OBRA COMPLETA DE VITORINO NEMÉSIO – Parceria Companhia das Ilhas – Imprensa Nacional. Direcção Literária de Luiz Fagundes Duarte
A Obra Completa de Vitorino Nemésio é destinada a um público vasto, em que cada volume é revisto e apresentado por um especialista na matéria. A Companhia das Ilhas e a Imprensa Nacional dão assim um contributo decisivo para a divulgação e o conhecimento da obra de um dos escritores que ficará para a história da literatura portuguesa do século xx: Vitorino Nemésio.
Excerto
Quando minha mãe me acordou, o dia despontava. Uma luz cor de anil, desta que não força o casulo negro da noite mas subtilmente se escoa pelos fiapos das nuvens, tingia a claraboia do meu quarto, a qual, de vidro fosco, parecia subir ao céu como um caixão de menino. E, roufenhos, no nosso poleiro e nos vizinhos, cantavam os galos tão chocamente a alvorada que a rede da névoa e a do canto pareciam fundir-se numa.
— Anda, Venâncio! — disse minha mãe, ao sacudir-me. — Não durmas, que o Trigueiro ficou de vir às seis em ponto.

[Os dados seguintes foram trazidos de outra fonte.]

Lemma mu_swaps (a b : X) : A a -> a <> gone X -> B b -> b <> gone X ->
  maps_to A (b ** inv a) B ->
  maps_to A ((a ** inv b) ** a) B /\ maps_to B ((a ** inv b) ** a) A.
Proof.
  intros Ha Hna Hb Hnb H.
  destruct A_subgroup as [H1 [Hmul Hinv]].
  assert (Hnia : inv a <> gone X).
  { intro E. apply Hna. rewrite <- (invgK a), E, invg1. reflexivity. }
  destruct (b_exists (inv a) (Hinv a Ha) Hnia) as [b' [Hb' [Hnb' H']]].
  rewrite invgK in H'.
  assert (Eb := b_of_inv a b b' Ha Hna Hb Hnb H Hb' Hnb' H'). subst b'.
  split.
  - rewrite mulA_r. apply (maps_to_comp _ A); auto. apply maps_to_self; auto.
    split; auto.
  - apply (maps_to_comp _ A). 2: apply maps_to_self; auto; split; auto.
    pose proof (maps_to_inv _ _ _ H) as H2. rewrite invMg, invgK in H2. exact H2.
Qed.

(* Moreover mu conjugates b^-1 to a.  Writing c = (b^-1)^mu in A and
   d = a^mu in B, one gets mu = d c d and a c^-1 normalizes B. *)
Lemma mu_conj_binv (a b : X) : A a -> a <> gone X -> B b -> b <> gone X ->
  maps_to A (b ** inv a) B -> conj X (inv b) ((a ** inv b) ** a) = a.
Proof.
  intros Ha Hna Hb Hnb H.
  destruct (mu_swaps a b Ha Hna Hb Hnb H) as [HAm HBm].
  remember ((a ** inv b) ** a) as mu eqn:Hmu.
  destruct A_subgroup as [H1 [Hm Hi]].
  destruct B_subgroup as [H1b [Hmb Hib]].
  remember (conj X (inv b) mu) as c eqn:Hc.
  remember (conj X a mu) as d eqn:Hd.
  assert (Hc' : A c) by (rewrite Hc; apply HBm; auto).
  assert (Hd' : B d) by (rewrite Hd; apply HAm; auto).
  assert (Hmu_dcd : mu = (d ** c) ** d).
  { assert (E : conj X ((a ** inv b) ** a) mu = (d ** c) ** d)
      by (rewrite Hc, Hd, !conjM; reflexivity).
    rewrite <- Hmu, conj_self in E. exact E. }
  assert (Ha_d : a = (mu ** d) ** inv mu) by (rewrite Hd; unfold conj; gsimpl; reflexivity).
  assert (Hcd : maps_to B (c ** d) A).
  { rewrite Hmu_dcd in HBm.
    pose proof (maps_to_comp _ _ _ _ _ (maps_to_self B (inv d) B_subgroup (Hib _ Hd')) HBm) as P.
    replace (inv d ** ((d ** c) ** d)) with (c ** d) in P by (gsimpl; reflexivity). exact P. }
  assert (Hdc := maps_to_inv _ _ _ Hcd). rewrite invMg in Hdc.
  assert (Hloop : maps_to B (((d ** (c ** d)) ** inv c) ** (inv d ** inv c)) B).
  { apply (maps_to_comp _ A); auto. apply (maps_to_comp _ A).
    2: apply maps_to_self; auto; split; auto.
    apply (maps_to_comp _ B); auto. apply maps_to_self; auto; split; auto. }
  assert (E2 : a ** inv c = ((d ** (c ** d)) ** inv c) ** (inv d ** inv c)).
  { rewrite Ha_d, Hmu_dcd. gsimpl. reflexivity. }
  rewrite <- E2 in Hloop.
  symmetry. apply eq_of_normalizes_B; auto.
Qed.

Definition commAH : X -> Prop :=
  commsub X A (fun h => normalizer X A h /\ normalizer X B h).

Lemma commAH_subgroup : is_subgroup X commAH.
Proof. apply generated_subgroup. Qed.

Lemma comm_in_commAH (u h : X) : A u -> maps_to A h A -> maps_to B h B ->
  commAH (comm X u h).
Proof.
  intros Hu HhA HhB. apply generated_in. exists u, h.
  unfold normalizer. rewrite !conjset_maps_to. auto.
Qed.

(* [A, H] <= A since [u, h] = u^-1 u^h and H normalizes A. *)
Lemma commAH_sub_A (x : X) : commAH x -> A x.
Proof.
  intro Hx. apply Hx; [apply A_subgroup|].
  intros s (u & h & Hu & [HhA _] & ->). unfold normalizer in HhA.
  rewrite conjset_maps_to in HhA. destruct A_subgroup as [_ [Hmul Hinv]].
  replace (comm X u h) with (inv u ** conj X u h) by (unfold comm, conj; gsimpl; reflexivity).
  apply Hmul; auto. apply (proj1 (HhA u)); auto.
Qed.

Definition congK (u v : X) : Prop := commAH (inv v ** u).

Lemma congK_refl (u : X) : congK u u.
Proof. unfold congK. rewrite mulVg. apply commAH_subgroup. Qed.

Lemma congK_sym (u v : X) : congK u v -> congK v u.
Proof.
  unfold congK; intro H. destruct commAH_subgroup as [_ [_ Hinv]].
  replace (inv u ** v) with (inv (inv v ** u)) by (gsimpl; reflexivity). auto.
Qed.

Lemma congK_trans (u v w : X) : congK u v -> congK v w -> congK u w.
Proof.
  unfold congK; intros H1 H2. destruct commAH_subgroup as [_ [Hmul _]].
  replace (inv w ** u) with ((inv w ** v) ** (inv v ** u)) by (gsimpl; reflexivity). auto.
Qed.

(* Compatibility with products: K <= A and A is abelian. *)
Lemma congK_mul (u v u' v' : X) : A v' ->
  congK u v -> congK u' v' -> congK (u ** u') (v ** v').
Proof.
  unfold congK; intros Hv' H1 H2. destruct commAH_subgroup as [_ [Hmul _]].
  destruct A_subgroup as [_ [_ HinvA]].
  replace (inv (v ** v') ** (u ** u')) with ((inv v ** u) ** (inv v' ** u')); auto.
  transitivity (inv v' ** ((inv v ** u) ** u')).
  2: gsimpl; reflexivity.
  rewrite (gmulA _ (inv v ** u)), (gmulA _ (inv v')), (A_comm (inv v ** u) (inv v')); auto.
  apply commAH_sub_A; auto.
Qed.

Lemma congK_inv (u v : X) : A u -> congK u v -> congK (inv u) (inv v).
Proof.
  unfold congK; intros Hu H. destruct commAH_subgroup as [_ [_ Hinv]].
  destruct A_subgroup as [_ [HmulA HinvA]].
  assert (Huv : A (inv u ** v)).
  { replace (inv u ** v) with (inv (inv v ** u)) by (gsimpl; reflexivity).
    apply HinvA, commAH_sub_A; auto. }
  replace (inv (inv v) ** inv u) with (inv u ** v).
  - replace (inv u ** v) with (inv (inv v ** u)) by (gsimpl; reflexivity). auto.
  - rewrite invgK. symmetry. transitivity (u ** ((inv u ** v) ** inv u)); [gsimpl; reflexivity|].
    rewrite (A_comm _ (inv u)) by auto. gsimpl. reflexivity.
Qed.
Lemma marker (e : R) : (0 < e)%R -> exists (A : set Om) (L : nat),
  [/\ measurable A, (mu A <= e%:E)%E &
      forall w s, exists t, [/\ (s < t)%N, (t <= s + L)%N & A (iter t T w)]].
Proof.
move=> e0; have e20 : (0 < e / 2)%R by rewrite divr_gt0.
have [c] := ltr_add_invr e20; rewrite add0r => /ltW hc.
pose U j := S j `&` [set x | forall m, (0 < m <= c)%N -> ~ S j (iter m T x)].
have mU j : measurable (U j).
  rewrite (_ : U j = S j `&` \bigcap_(m in [set m | (0 < m <= c)%N])
      ~` (iter m T @^-1` S j)).
    apply: measurableI => //; apply: bigcap_measurableType => m _.
    exact/measurableC/(measurable_preimage_iter mT).
  by apply/seteqP; split => x [h1 h2]; split => // m hm; exact: h2.
have discU j x m : (0 < m <= c)%N -> U j x -> ~ U j (iter m T x).
  by move=> hm [_ h] [h' _]; exact: h hm h'.
have [K hK] : exists K, (mu (uncovered U K) <= (e / 2)%:E)%E.
  apply: measure_uncovered_small mU mN N0 _ e20 => x /S_separates /(_ c).
  by case=> j hj; exists j.
exists (colour_peak T c U K), (K.+1 * c).*2.+1; split.
- exact: (measurable_colour_peak c K mT mU).
- apply: le_trans (measure_colour_peak K discU mT Tpres mU) _.
  by rewrite (splitr e) EFinD leeD // lee_fin.
- exact: colour_peak_syndetic.
Qed.

Lemma marker_sequence (eps : nat -> R) : (forall k, 0 < eps k)%R ->
  exists (A : nat -> set Om) (L : nat -> nat),
  [/\ forall k, measurable (A k), forall k, (mu (A k) <= (eps k)%:E)%E &
      forall k w s, exists t, [/\ (s < t)%N, (t <= s + L k)%N & A k (iter t T w)]].
Proof.
move=> eps0.
have hAL k : exists AL : set Om * nat,
  [/\ measurable AL.1, (mu AL.1 <= (eps k)%:E)%E &
      forall w s, exists t, [/\ (s < t)%N, (t <= s + AL.2)%N & AL.1 (iter t T w)]].
  by have [A [L h]] := marker (eps0 k); exists (A, L).
have [AL {}hAL] := choice hAL.
by exists (fun k => (AL k).1), (fun k => (AL k).2); split => k; have [] := hAL k.
Qed.

End markers.

Lemma mulrn_divSn_le (R : numFieldType) (a : R) (n : nat) :
  (0 <= a)%R -> ((a / n.+1%:R) *+ n <= a)%R.
Proof.
move=> a0; rewrite -mulr_natr -mulrA; apply: ler_piMr => //.
by rewrite mulrC ler_pdivrMr // mul1r ler_nat.
Qed.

Era o dono do carro que nos levaria à Cidade, para onde eu ia estudar. E, à voz de minha mãe, mais suave que nunca naquele dia, comecei por erguer a vira do lençol, dispondo-me a saltar. Mas o sono, a teimosia dos galos corneteiros e a mágoa de me ir, detiveram-me; virei-me caramunhando na cama até que meu pai se acercou:
— Mexe-te, homem de Deus; mexe-te, que são horas!